Records for this task
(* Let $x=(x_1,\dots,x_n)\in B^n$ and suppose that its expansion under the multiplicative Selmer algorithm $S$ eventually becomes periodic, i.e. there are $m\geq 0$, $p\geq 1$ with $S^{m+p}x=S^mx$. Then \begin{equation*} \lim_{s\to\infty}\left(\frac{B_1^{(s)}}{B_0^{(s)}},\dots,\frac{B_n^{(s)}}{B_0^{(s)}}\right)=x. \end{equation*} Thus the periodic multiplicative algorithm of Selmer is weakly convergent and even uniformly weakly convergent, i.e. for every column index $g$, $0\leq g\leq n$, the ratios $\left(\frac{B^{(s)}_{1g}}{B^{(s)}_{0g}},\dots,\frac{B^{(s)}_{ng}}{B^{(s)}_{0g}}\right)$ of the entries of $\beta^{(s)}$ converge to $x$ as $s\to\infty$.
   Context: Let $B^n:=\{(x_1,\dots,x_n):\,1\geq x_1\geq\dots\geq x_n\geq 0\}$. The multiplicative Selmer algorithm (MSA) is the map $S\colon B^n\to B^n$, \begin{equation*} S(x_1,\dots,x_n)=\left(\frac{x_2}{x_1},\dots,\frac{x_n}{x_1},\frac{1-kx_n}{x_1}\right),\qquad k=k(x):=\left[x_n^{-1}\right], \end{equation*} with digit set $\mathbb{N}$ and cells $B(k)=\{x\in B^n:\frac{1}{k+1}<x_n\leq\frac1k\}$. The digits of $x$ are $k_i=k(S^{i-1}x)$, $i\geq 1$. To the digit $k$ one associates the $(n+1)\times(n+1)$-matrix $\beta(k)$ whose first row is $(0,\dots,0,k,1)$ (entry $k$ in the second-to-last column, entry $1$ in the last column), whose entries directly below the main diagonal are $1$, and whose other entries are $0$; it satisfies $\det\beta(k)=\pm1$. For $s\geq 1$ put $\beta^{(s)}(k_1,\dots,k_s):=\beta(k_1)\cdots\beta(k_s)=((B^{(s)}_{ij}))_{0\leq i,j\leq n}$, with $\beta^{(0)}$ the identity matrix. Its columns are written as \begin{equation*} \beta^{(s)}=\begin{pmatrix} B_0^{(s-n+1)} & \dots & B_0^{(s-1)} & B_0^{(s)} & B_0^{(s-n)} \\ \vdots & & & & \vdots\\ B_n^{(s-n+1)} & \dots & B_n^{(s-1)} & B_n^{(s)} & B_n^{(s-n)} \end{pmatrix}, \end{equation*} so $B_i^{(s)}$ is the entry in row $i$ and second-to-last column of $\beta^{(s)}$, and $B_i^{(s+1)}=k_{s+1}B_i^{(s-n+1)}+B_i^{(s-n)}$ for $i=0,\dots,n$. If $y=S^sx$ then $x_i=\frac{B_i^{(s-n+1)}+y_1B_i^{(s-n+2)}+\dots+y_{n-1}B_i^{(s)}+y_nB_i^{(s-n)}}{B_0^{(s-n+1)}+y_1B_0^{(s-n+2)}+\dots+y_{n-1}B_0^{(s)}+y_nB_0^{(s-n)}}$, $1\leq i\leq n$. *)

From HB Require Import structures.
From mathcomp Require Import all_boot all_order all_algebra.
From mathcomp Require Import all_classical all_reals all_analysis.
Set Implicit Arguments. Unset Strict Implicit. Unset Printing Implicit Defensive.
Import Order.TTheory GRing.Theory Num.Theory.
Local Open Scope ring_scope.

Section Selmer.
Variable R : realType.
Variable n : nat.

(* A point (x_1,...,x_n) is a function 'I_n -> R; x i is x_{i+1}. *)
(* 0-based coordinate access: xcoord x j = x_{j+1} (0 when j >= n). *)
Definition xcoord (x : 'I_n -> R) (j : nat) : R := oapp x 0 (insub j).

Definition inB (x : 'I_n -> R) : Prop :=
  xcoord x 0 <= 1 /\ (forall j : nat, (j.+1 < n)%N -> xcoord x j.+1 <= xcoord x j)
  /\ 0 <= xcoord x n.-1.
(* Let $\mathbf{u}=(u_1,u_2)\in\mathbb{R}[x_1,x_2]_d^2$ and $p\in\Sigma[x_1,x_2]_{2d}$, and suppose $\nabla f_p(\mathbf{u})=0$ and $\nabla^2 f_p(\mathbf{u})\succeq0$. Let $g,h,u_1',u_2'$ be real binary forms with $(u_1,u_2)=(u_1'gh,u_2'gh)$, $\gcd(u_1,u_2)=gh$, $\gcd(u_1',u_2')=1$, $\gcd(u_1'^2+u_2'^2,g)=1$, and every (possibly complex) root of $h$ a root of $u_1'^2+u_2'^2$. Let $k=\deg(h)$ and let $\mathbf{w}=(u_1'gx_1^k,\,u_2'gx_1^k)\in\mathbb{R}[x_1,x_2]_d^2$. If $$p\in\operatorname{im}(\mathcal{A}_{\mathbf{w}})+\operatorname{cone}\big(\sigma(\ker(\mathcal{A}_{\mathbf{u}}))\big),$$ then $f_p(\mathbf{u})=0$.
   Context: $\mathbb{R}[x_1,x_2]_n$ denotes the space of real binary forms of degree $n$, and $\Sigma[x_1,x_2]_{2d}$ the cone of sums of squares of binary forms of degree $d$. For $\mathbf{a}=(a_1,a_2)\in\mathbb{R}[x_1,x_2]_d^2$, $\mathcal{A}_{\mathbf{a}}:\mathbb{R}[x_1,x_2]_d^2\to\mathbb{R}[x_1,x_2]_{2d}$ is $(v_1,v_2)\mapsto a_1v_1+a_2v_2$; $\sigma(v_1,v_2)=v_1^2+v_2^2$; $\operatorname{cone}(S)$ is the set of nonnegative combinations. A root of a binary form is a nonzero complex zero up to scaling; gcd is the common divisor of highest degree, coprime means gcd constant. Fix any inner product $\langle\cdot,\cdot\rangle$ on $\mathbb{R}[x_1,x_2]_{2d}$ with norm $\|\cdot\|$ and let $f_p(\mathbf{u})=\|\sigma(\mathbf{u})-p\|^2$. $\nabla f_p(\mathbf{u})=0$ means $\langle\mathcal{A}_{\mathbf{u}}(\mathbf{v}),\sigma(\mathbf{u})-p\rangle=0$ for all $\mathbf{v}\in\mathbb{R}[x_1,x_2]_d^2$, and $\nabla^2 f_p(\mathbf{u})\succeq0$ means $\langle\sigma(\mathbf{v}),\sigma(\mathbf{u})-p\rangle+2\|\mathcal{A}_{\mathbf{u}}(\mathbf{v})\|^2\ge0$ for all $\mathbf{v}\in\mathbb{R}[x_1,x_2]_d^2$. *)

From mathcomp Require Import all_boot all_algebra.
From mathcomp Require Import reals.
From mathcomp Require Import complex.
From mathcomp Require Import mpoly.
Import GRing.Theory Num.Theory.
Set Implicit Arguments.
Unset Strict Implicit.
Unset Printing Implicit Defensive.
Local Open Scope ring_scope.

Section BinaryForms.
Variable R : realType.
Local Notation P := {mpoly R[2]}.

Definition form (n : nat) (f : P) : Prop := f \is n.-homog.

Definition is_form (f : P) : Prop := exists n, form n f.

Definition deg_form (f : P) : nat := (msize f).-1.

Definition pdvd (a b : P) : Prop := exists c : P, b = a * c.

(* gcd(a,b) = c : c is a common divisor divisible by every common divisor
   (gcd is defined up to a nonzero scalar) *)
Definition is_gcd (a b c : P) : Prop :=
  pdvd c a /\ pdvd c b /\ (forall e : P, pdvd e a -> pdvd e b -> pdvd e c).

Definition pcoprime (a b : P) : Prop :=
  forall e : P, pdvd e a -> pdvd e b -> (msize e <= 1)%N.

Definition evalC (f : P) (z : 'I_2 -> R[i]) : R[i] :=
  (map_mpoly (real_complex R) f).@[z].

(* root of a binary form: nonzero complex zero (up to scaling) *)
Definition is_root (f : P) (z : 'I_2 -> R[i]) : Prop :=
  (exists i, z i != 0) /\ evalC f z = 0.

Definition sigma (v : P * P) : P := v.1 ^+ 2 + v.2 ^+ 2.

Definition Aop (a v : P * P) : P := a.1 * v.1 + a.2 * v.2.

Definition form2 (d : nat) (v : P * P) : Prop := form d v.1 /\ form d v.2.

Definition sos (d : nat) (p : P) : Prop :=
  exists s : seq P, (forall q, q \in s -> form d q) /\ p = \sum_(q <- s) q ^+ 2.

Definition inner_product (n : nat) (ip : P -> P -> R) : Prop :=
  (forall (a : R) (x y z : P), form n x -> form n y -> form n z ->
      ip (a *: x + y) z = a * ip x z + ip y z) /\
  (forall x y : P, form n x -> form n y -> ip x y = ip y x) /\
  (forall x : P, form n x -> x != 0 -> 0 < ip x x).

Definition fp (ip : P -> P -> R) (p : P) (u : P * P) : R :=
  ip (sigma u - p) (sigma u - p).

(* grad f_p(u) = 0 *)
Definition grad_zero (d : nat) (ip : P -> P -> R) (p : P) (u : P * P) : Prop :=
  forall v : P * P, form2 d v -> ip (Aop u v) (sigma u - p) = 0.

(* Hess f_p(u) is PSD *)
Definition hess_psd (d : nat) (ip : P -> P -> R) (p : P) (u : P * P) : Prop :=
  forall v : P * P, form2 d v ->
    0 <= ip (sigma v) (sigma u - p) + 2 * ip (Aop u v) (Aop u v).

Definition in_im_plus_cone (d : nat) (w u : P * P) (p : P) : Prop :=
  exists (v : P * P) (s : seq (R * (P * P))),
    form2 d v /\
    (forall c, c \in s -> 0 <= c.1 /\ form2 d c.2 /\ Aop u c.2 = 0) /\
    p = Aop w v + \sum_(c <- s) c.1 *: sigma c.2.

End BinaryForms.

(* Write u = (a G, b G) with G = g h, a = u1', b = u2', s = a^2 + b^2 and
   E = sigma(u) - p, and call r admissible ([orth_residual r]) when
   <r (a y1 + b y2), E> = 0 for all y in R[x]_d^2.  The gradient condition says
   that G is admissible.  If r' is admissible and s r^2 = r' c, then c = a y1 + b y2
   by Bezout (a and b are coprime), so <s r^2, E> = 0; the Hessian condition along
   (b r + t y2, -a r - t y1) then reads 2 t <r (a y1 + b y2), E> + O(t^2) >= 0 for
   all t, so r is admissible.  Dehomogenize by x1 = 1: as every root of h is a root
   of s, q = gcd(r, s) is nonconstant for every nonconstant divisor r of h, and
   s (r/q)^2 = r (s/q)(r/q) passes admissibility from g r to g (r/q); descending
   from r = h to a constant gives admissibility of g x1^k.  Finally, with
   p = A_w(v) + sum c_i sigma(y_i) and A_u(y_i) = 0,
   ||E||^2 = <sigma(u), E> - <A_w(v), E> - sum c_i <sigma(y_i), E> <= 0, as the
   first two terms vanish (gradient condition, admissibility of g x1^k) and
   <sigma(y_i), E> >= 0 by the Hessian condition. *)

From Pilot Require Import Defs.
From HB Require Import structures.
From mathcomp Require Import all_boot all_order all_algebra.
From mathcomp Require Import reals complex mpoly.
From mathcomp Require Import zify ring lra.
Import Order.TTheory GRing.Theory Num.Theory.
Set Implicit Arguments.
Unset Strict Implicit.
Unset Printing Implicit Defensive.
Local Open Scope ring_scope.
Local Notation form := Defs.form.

Exercise description
Output should match, line for line, the stretch of the material above from the line holding "exists s : seq" through the line holding "E = sigma(u)".

Exercise result
  exists s : seq P, (forall q, q \in s -> form d q) /\ p = \sum_(q <- s) q ^+ 2.

Definition inner_product (n : nat) (ip : P -> P -> R) : Prop :=
  (forall (a : R) (x y z : P), form n x -> form n y -> form n z ->
      ip (a *: x + y) z = a * ip x z + ip y z) /\
  (forall x y : P, form n x -> form n y -> ip x y = ip y x) /\
  (forall x : P, form n x -> x != 0 -> 0 < ip x x).

Definition fp (ip : P -> P -> R) (p : P) (u : P * P) : R :=
  ip (sigma u - p) (sigma u - p).

(* grad f_p(u) = 0 *)
Definition grad_zero (d : nat) (ip : P -> P -> R) (p : P) (u : P * P) : Prop :=
  forall v : P * P, form2 d v -> ip (Aop u v) (sigma u - p) = 0.

(* Hess f_p(u) is PSD *)
Definition hess_psd (d : nat) (ip : P -> P -> R) (p : P) (u : P * P) : Prop :=
  forall v : P * P, form2 d v ->
    0 <= ip (sigma v) (sigma u - p) + 2 * ip (Aop u v) (Aop u v).

Definition in_im_plus_cone (d : nat) (w u : P * P) (p : P) : Prop :=
  exists (v : P * P) (s : seq (R * (P * P))),
    form2 d v /\
    (forall c, c \in s -> 0 <= c.1 /\ form2 d c.2 /\ Aop u c.2 = 0) /\
    p = Aop w v + \sum_(c <- s) c.1 *: sigma c.2.

End BinaryForms.

(* Write u = (a G, b G) with G = g h, a = u1', b = u2', s = a^2 + b^2 and
   E = sigma(u) - p, and call r admissible ([orth_residual r]) when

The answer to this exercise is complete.